Hers is the first female name recorded in technical history. She was the daughter of Sargon (of Akkad) who established the Sargonian Dynasty in Babylon some 4000 or so years ago. He appointed her the chief astronomer priestess of the moon goddess of the city. Her name means 'ornament of heaven'; her birth name is unknown.

This was a position of great power and prestige. Only through the auspices of the high priestess could a leader achieve a legitimate claim to rule. We have no technical writings from her. We do have in translation forty-two of her poems.

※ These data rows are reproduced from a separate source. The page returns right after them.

Lemma flow_dt_nonpos_at_max t x : (1 <= n)%nat -> 0 <= t -> Rbar_lt t T -> 1 < x < a ->
  0 <= f t x -> (forall y, 1 <= y <= a -> f t y <= f t x) -> dt f t x <= 0.
Proof.
  intros Hn Ht HtT Hx Hfx Hmax.
  assert (Hdom : forall y, 1 <= y <= a -> flow_dom T a t y)
    by (intros y Hy; repeat split; lra || easy).
  set (r := Rmin (x - 1) (a - x)).
  assert (Hr : 0 < r) by (unfold r; apply Rmin_case; lra).
  assert (r <= x - 1) by apply Rmin_l.
  assert (r <= a - x) by apply Rmin_r.
  assert (Hin : forall y, Rabs (y - x) < r -> 1 <= y <= a)
    by (intros y Hy; apply Rabs_def2 in Hy; lra).
  assert (Hmin : forall y, Rabs (y - x) < r -> - f t x <= - f t y)
    by (intros y Hy; specialize (Hmax y (Hin y Hy)); lra).
  assert (D1 : forall y, Rabs (y - x) < r -> is_derive (fun z => - f t z) y (- dx f t y)).
  { intros y Hy. apply (is_derive_opp (fun z => f t z)), Derive_correct.
    exact (flow_ex_derive_x nil t y (Hdom y (Hin y Hy))). }
  assert (D2 : is_derive (fun z => - dx f t z) x (- dx (dx f) t x)).
  { apply (is_derive_opp (fun z => dx f t z)), Derive_correct.
    exact (flow_ex_derive_x (true :: nil) t x (Hdom x ltac:(lra))). }
  assert (Hcrit : - dx f t x = 0).
  { apply (is_derive_local_min_eq0 (fun z => - f t z) x _ r Hr); [apply D1 | exact Hmin].
    rewrite Rminus_diag, Rabs_R0. exact Hr. }
  assert (Hconc : 0 <= - dx (dx f) t x)
    by exact (is_derive2_local_min_ge0 (fun z => - f t z) (fun z => - dx f t z) x _ r Hr D1 D2 Hmin).
  rewrite Hf_flow, mcf_rhs_angle_x by (apply Hdom; lra). unfold angle_x.
  replace (dx f t x) with 0 by lra.
  apply le_INR in Hn. simpl in Hn.
  assert (0 < x ^ 2 + f t x ^ 2) by nra.
  assert ((INR n - 1) * (x * 0 - f t x) / (x ^ 2 + f t x ^ 2) <= 0)
    by (apply Rmult_le_0_r; [nra | left; apply Rinv_0_lt_compat; lra]).
  specialize (HU_pos x Hx). replace (1 + 0 ^ 2) with 1 by ring. nra.
Qed.
(* For any $\sigma$-structure $\mathcal{A}$, the $\mathfrak{g}$-guarded tree-width of $\mathcal{A}$ and the $\mathfrak{g}$-guarded coalgebra number of $\mathcal{A}$ coincide.
   Context: $\mathfrak{g}$ is atom or loose guarding (for which the resource-bounded comonads $\mathbb{G}_k^{\mathfrak{g}}$ are defined). $\mathbb{G}_k^{\mathfrak{g}}\mathcal{A}$ has universe the equivalence classes $[p,a]$ of focussed plays $\langle p,a\rangle$, where $p$ is a non-empty list of $k$-guarded $\mathfrak{g}$-guarded sets of $\mathcal{A}$ and $a\in\lambda(p)$ (last element), under $\langle p,a\rangle\sim\langle q,a'\rangle$ iff $a=a'$, $p\sqcap q$ is non-empty, and $a\in\lambda(u)$ for all $u$ on the prefix-order paths from $p\sqcap q$ to $p$ and to $q$; relations $R^{\mathbb{G}_k\mathcal{A}}=\{([p,a_1],\ldots,[p,a_r])\mid R^{\mathcal{A}}(a_1,\ldots,a_r)\}$. A $\mathfrak{g}$-guarded decomposition of $\mathcal{A}$ is a map $\tau$ from $A$ to $\mathfrak{g}$-guarded plays, with image $P_\tau$, that is reflexive ($a\in\lambda(\tau(a))$), edge covering (adjacent elements in the Gaifman graph lie together in some $\lambda(p)$, $p\in P_\tau$), minimal ($[\tau(a),a]=[q,a]$ implies $\tau(a)\sqsubseteq q$) and vertex connected (for $q$ below some element of $P_\tau$ with $a\in\lambda(q)$, $[\tau(a),a]=[q,a]$); it is $k$-bounded if $|\lambda(p)|\le k$ for all $p\in P_\tau$. The $\mathfrak{g}$-guarded tree-width of $\mathcal{A}$ is the least $k$ such that $\mathcal{A}$ has a $k$-bounded $\mathfrak{g}$-guarded decomposition; the $\mathfrak{g}$-guarded coalgebra number is the least $k$ such that there is a coalgebra $\mathcal{A}\to\mathbb{G}_k^{\mathfrak{g}}\mathcal{A}$. *)

From Stdlib Require List.
From mathcomp Require Import all_boot.
Set Implicit Arguments.
Unset Strict Implicit.
Unset Printing Implicit Defensive.

Record signature := Signature { sym : Type; arity : sym -> nat }.

Record structure (s : signature) := Structure {
  car :> Type;
  rel : forall R : sym s, ('I_(arity R) -> car) -> Prop }.
Arguments rel {s} _ R _.

Definition hom (s : signature) (A B : structure s) (f : A -> B) : Prop :=
  forall (R : sym s) (t : 'I_(arity R) -> A), rel A R t -> rel B R (f \o t).
Lemma lattice_sums_compare : exists Lsum LV2 : R,
  lattice_sum_is (fun v => CC lam v w0) Lsum /\
  lattice_sum_is (SwV2 lam m RR w0) LV2 /\
  Lsum >= 2 / delta ^ 2 - 136 / Rabs delta + LV2.
Proof.
  set (N := (neg_radius + 2)%nat).
  destruct (lattice_sum_eventually_nonneg (fun v => CC lam v w0) neg_radius (25 * decay_const))
    as [Lsum [HL Hge]].
  { intros v Hv. apply Rnot_lt_le. intros H. now apply Hv, CC_neg_inbox. }
  { intros M. apply box_sum_le_decay; [apply K0_nonneg | apply CC_le_decay]. }
  assert (Hsupp : forall v, ~ inbox neg_radius v -> SwV2 lam m RR w0 v = 0).
  { intros v Hv. unfold SwV2. destruct inV2_dec as [H|]; [|reflexivity].
    exfalso. now apply Hv, CC_neg_inbox, H. }
  exists Lsum, (box_sum (SwV2 lam m RR w0) neg_radius).
  split; [exact HL|]. split; [now apply lattice_sum_supported|].
  assert (H1 : box_sum redistributed N <= Lsum)
    by (rewrite box_sum_redistributed by lia; apply Hge; lia).
  assert (H2 : box_sum (fun v => SwV2 lam m RR w0 v + model v) N <= box_sum redistributed N)
    by (apply box_sum_le, redistributed_ge).
  rewrite box_sum_plus, (box_sum_supported neg_radius) in H2 by (auto; lia).
  pose proof (box_sum_model_ge N ltac:(unfold N, neg_radius; lia)). lra.
Qed.

End Corollary.

Theorem corollary5p3 :
  exists K R0 : R,
  forall (n : Z) (delta : R),
    (0 < n)%Z ->
    (r2 (n * n + 1)%Z <= 32)%nat ->
    0 < Rabs delta < 1 / 10 ->
    let m := (n * n + 1)%Z in
    let lam := IZR m + delta in
    let RR := sqrt lam in
    let w : Z2 := (0%Z, 2%Z) in
    R0 <= RR ->
    exists (Lsum LV2 E : R),
      lattice_sum_is (fun v => CC lam v w) Lsum /\
      lattice_sum_is (SwV2 lam m RR w) LV2 /\
      Rabs E <= K / Rabs delta /\
      Lsum >= 2 / (delta ^ 2) + E + LV2.
Proof.
  exists 136, 256. intros n delta Hn Hr2 Hd m lam RR w HR.
  destruct (lattice_sums_compare n delta Hn Hd HR Hr2) as (Lsum & LV2 & HL & HV & Hge).
  exists Lsum, LV2, (- (136 / Rabs delta)).
  split; [exact HL|]. split; [exact HV|]. split; [|exact Hge].
  rewrite Rabs_Ropp, Rabs_right; [lra|]. left; apply Rdiv_lt_0_compat; lra.
Qed.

As early as 3000 BCE these sacred temples in Sumer were complex structures that directed every essential activity of life including trade, farming and crafts. The priests and priestesses established a network of observatories to monitor the movements of the stars. The calendar they created is still used to date certain religious events like Easter and Passover.

En Hedu'anna is last in the long line of women who followed the stars and the cycles of the Moon and whose names are lost to us. She is the first in a long line of women whose names we know - the women who thought, created and built for the past 4000 years.

One of her poems illustrates what she did...

The true woman who possesses exceeding wisdom,
She consults a tablet of lapis lazuli
She gives advice to all lands...
She measures off the heavens,
She places the measuring-cords on the earth.


www.astr.ua.edu...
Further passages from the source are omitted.